Speaker 2:Okay, so that's number one. Number two if you are interested in menopause hormone therapy, if you are at the beginning of your perimenopause journey, that would be something to look into and not to leave it until it's too late and it's too hard and you're thinking this is life, is shit. I think that's one of my key messages is, if you even think that you might be in perimenopause and you can get to a good doctor like you obviously have, lisa um, then investigate the opportunity to try menopause hormone therapy. And I just want to put one one more thing here, without going into all the details on it. You're not held to ransom to take it. You do not have to take it. You're not missing out if you don't take it and you can stop anytime, right? So just give it a shot and you might notice how pleasantly awesome you start to feel again. Yeah, of course, 80% of women that that take menopause hormone therapy. Have said it's helped with their symptoms, so yeah that would be number two.
Speaker 1:Can I ask when is it too late and too hard to access?
Speaker 2:Okay, well that information is also changing and I think that's what's exciting about this conversation is because it's relatively new.
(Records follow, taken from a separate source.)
(* Let $\mathfrak{n}$ be the real 3-dimensional Heisenberg Lie algebra with basis $(x_1,x_2,x_3)$ and only nonzero bracket $[x_1,x_2]=x_3$. (i) Any linear map $J:\mathfrak{n}\to\mathfrak{n}$ which has zero torsion and is an extension of a rank 1 CR-structure $(\mathfrak{p},J_\mathfrak{p})$ on $\mathfrak{n}$ with $\mathfrak{p}$ nonabelian is equivalent to a unique endomorphism with matrix (in the basis $(x_1,x_2,x_3)$) $\begin{pmatrix}0&-1&0\\1&0&0\\0&0&c\end{pmatrix}$, $c\in\mathbb{R}$. (ii) Any linear map $J:\mathfrak{n}\to\mathfrak{n}$ which is an extension of a rank 1 CR-structure $(\mathfrak{p},J_\mathfrak{p})$ on $\mathfrak{n}$ with $\mathfrak{p}$ abelian is equivalent to a unique endomorphism with matrix (in the basis $(x_1,x_2,x_3)$) $\begin{pmatrix}t&0&0\\0&0&1\\0&-1&0\end{pmatrix}$, $t\in\mathbb{R}$; and such a $J$ has nonzero torsion.
   Context: A rank 1 CR-structure on a real Lie algebra $\mathfrak{g}$ is a pair $(\mathfrak{p},J_\mathfrak{p})$ where $\mathfrak{p}$ is a 2-dimensional vector subspace of $\mathfrak{g}$ and $J_\mathfrak{p}:\mathfrak{p}\to\mathfrak{p}$ is linear with (a) $J_\mathfrak{p}^2=-1$, (b) $[X,Y]-[J_\mathfrak{p}X,J_\mathfrak{p}Y]\in\mathfrak{p}$ for all $X,Y\in\mathfrak{p}$, (c) $[J_\mathfrak{p}X,J_\mathfrak{p}Y]-[X,Y]-J_\mathfrak{p}[J_\mathfrak{p}X,Y]-J_\mathfrak{p}[X,J_\mathfrak{p}Y]=0$ for all $X,Y\in\mathfrak{p}$. A linear map $J:\mathfrak{g}\to\mathfrak{g}$ is an extension of it if $J|_\mathfrak{p}=J_\mathfrak{p}$. $\mathfrak{p}$ is abelian if $[X,Y]=0$ for all $X,Y\in\mathfrak{p}$. A linear map $J$ has zero torsion if $[JX,JY]-[X,Y]-J[JX,Y]-J[X,JY]=0$ for all $X,Y\in\mathfrak{g}$. Two linear maps $J,J'$ are equivalent if $J'=\Phi\circ J\circ\Phi^{-1}$ for some Lie algebra automorphism $\Phi$. The matrix of a linear map in a basis $(e_j)$ is $(\xi^i_j)$ with $Je_j=\sum_i\xi^i_je_i$. *)

(* The real Heisenberg algebra n = R^3 (column vectors),
   basis x1 = e_0, x2 = e_1, x3 = e_2, bracket [x1,x2] = x3. *)
From HB Require Import structures.
From mathcomp Require Import all_boot all_order all_algebra.
From mathcomp Require Import reals.
Set Implicit Arguments. Unset Strict Implicit. Unset Printing Implicit Defensive.
Import Order.TTheory GRing.Theory Num.Theory.
Local Open Scope ring_scope.

Section Heis.
Variable R : realType.

Definition vec := 'cV[R]_3.

Definition i0 : 'I_3 := @Ordinal 3 0 isT.
Definition i1 : 'I_3 := @Ordinal 3 1 isT.
Definition i2 : 'I_3 := @Ordinal 3 2 isT.

Definition x3 : vec := delta_mx i2 0.

Definition hbr (u v : vec) : vec :=
  (u i0 0 * v i1 0 - u i1 0 * v i0 0) *: x3.

(* A linear map J : n -> n is given by its matrix (xi^i_j), J e_j = sum_i xi^i_j e_i,
   acting on column vectors by J *m v. *)

(* J is an extension of a rank 1 CR-structure (p, J_p) with J_p = J|_p :
   p is a 2-dimensional subspace, J maps p into p (so J_p := J|_p : p -> p
   is linear), and conditions (a), (b), (c) hold. *)
Definition ext_CR (J : 'M[R]_3) (p : {vspace vec}) : Prop :=
  [/\ \dim p = 2%N,
      (forall X, X \in p -> J *m X \in p),
      (forall X, X \in p -> J *m (J *m X) = - X),
      (forall X Y, X \in p -> Y \in p -> hbr X Y - hbr (J *m X) (J *m Y) \in p)
    & (forall X Y, X \in p -> Y \in p ->
        hbr (J *m X) (J *m Y) - hbr X Y - J *m hbr (J *m X) Y
          - J *m hbr X (J *m Y) = 0)].

Definition abelian_sub (p : {vspace vec}) : Prop :=
  forall X Y, X \in p -> Y \in p -> hbr X Y = 0.

Definition zero_torsion (J : 'M[R]_3) : Prop :=
  forall X Y : vec, hbr (J *m X) (J *m Y) - hbr X Y - J *m hbr (J *m X) Y
                    - J *m hbr X (J *m Y) = 0.

Definition lie_aut (Phi : 'M[R]_3) : Prop :=
  Phi \in unitmx /\ forall X Y : vec, Phi *m hbr X Y = hbr (Phi *m X) (Phi *m Y).

Definition equiv_map (J J' : 'M[R]_3) : Prop :=
  exists Phi, lie_aut Phi /\ J' = Phi *m J *m invmx Phi.

Definition Mc (c : R) : 'M[R]_3 :=
  \matrix_(i < 3, j < 3)
    (if (i == i0) && (j == i1) then -1
     else if (i == i1) && (j == i0) then 1
     else if (i == i2) && (j == i2) then c else 0).

Definition Mt (t : R) : 'M[R]_3 :=
  \matrix_(i < 3, j < 3)
    (if (i == i0) && (j == i0) then t
     else if (i == i1) && (j == i2) then 1
     else if (i == i2) && (j == i1) then -1 else 0).

End Heis.

(* Write [u, v] = omega(u, v) x3.  Since J_p^2 = -1, J has no real eigenvector in p,
   so if omega vanishes on (X, JX) for some nonzero X in p, a nonzero combination of
   X and JX is a multiple of x3, i.e. x3 lies in p; this happens in particular when p
   is abelian.  Zero torsion forces J x3 to be a multiple of x3, which is impossible
   for x3 in p.  Hence under zero torsion omega(X, JX) <> 0, and in the frame
   (X, JX, omega(X, JX) x3), which is an automorphism of n, J has the matrix Mc c,
   c the x3-coordinate of J x3.  In the abelian case p = span(x3, V) with V = J x3,
   J acts on n/p by a scalar t, and correcting a lift e of n/p by an element of p
   makes J e = t e; in the frame (e, V, x3), normalised by omega(e, V) = 1, J has
   the matrix Mt t.  Equivalence preserves the trace, and tr (Mc c) = c,
   tr (Mt t) = t, which gives uniqueness; finally abelian p contains x3, so J cannot
   have zero torsion. *)

From HB Require Import structures.
From mathcomp Require Import all_boot all_order all_algebra.
From mathcomp Require Import reals.
From mathcomp Require Import ring lra.
Import Order.TTheory GRing.Theory Num.Theory.
Set Implicit Arguments.
Unset Strict Implicit.
Unset Printing Implicit Defensive.
Local Open Scope ring_scope.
We're still finding out lots of things daily. So the recommendation is not past 10 years of your final menstrual period. Say, for example, if you had your last period you remember, you go, I think it was about 50 then a doctor might not prescribe it in your 60s. But okay, if you are really healthy, you don't have heart problems, you don't have high blood pressure, you've got good bone density.
Speaker 2:Some doctors now are saying, yeah, okay, you're having hot flashes and they're keeping you awake at night. Let's try it. So it is really dependent on the person. But at the moment, the menopause societies globally are saying not past 10 years of your final menstrual period and they're also saying to not take it longer than five years. But also I'm just waiting for that to be debunked as well there's more, more science that's coming out about that. That you know. I know people that have been on it for 15 years. Okay, so, and they're going over my dead body. Are you taking away my? Yeah?
Speaker 1:and all the research that's coming out around estrogen in particular and its impact on conditions like alzheimer's, uh, diabetes, a whole range of things. Yeah, it makes me think gosh, okay, why would I ever go off that?
Speaker 2:yeah, I agree and I think it's exciting, like you said, the the different things that it might impact, but right now we know that it only has a positive impact on bone density. Okay, so so there is science coming out. It's looking very positive, but right now we can only say it is bone density that improves. From a health perspective, you would still need to go and check your cholesterol levels to make sure that they're not rising. I do know women who are on menopause hormone therapy that have had increasing cholesterol as well, so that's still an important thing to factor in. It doesn't suddenly fix your heart or cardiovascular challenges, although exercise does.
Speaker 1:It's a good plug there.
Speaker 2:Well, I mean, we're saying and this is something I want to credit, Nikki Bazant. She wrote the this Changes Everything book. She's got two books out about menopause in New Zealand and she's quite well known in New Zealand as a writer. But I went to her event on Saturday night in Wellington the Hot Best Tour. So I do want to credit Nikki for something that just kind of landed so beautifully with me and she knows that this would have landed with me because I was in the audience but she goes. We, we say that menopause, hormone therapy is not the magic pill, but exercise is, and I just went, girl, thank you for that because it is not just for menopause but for longevity, for life.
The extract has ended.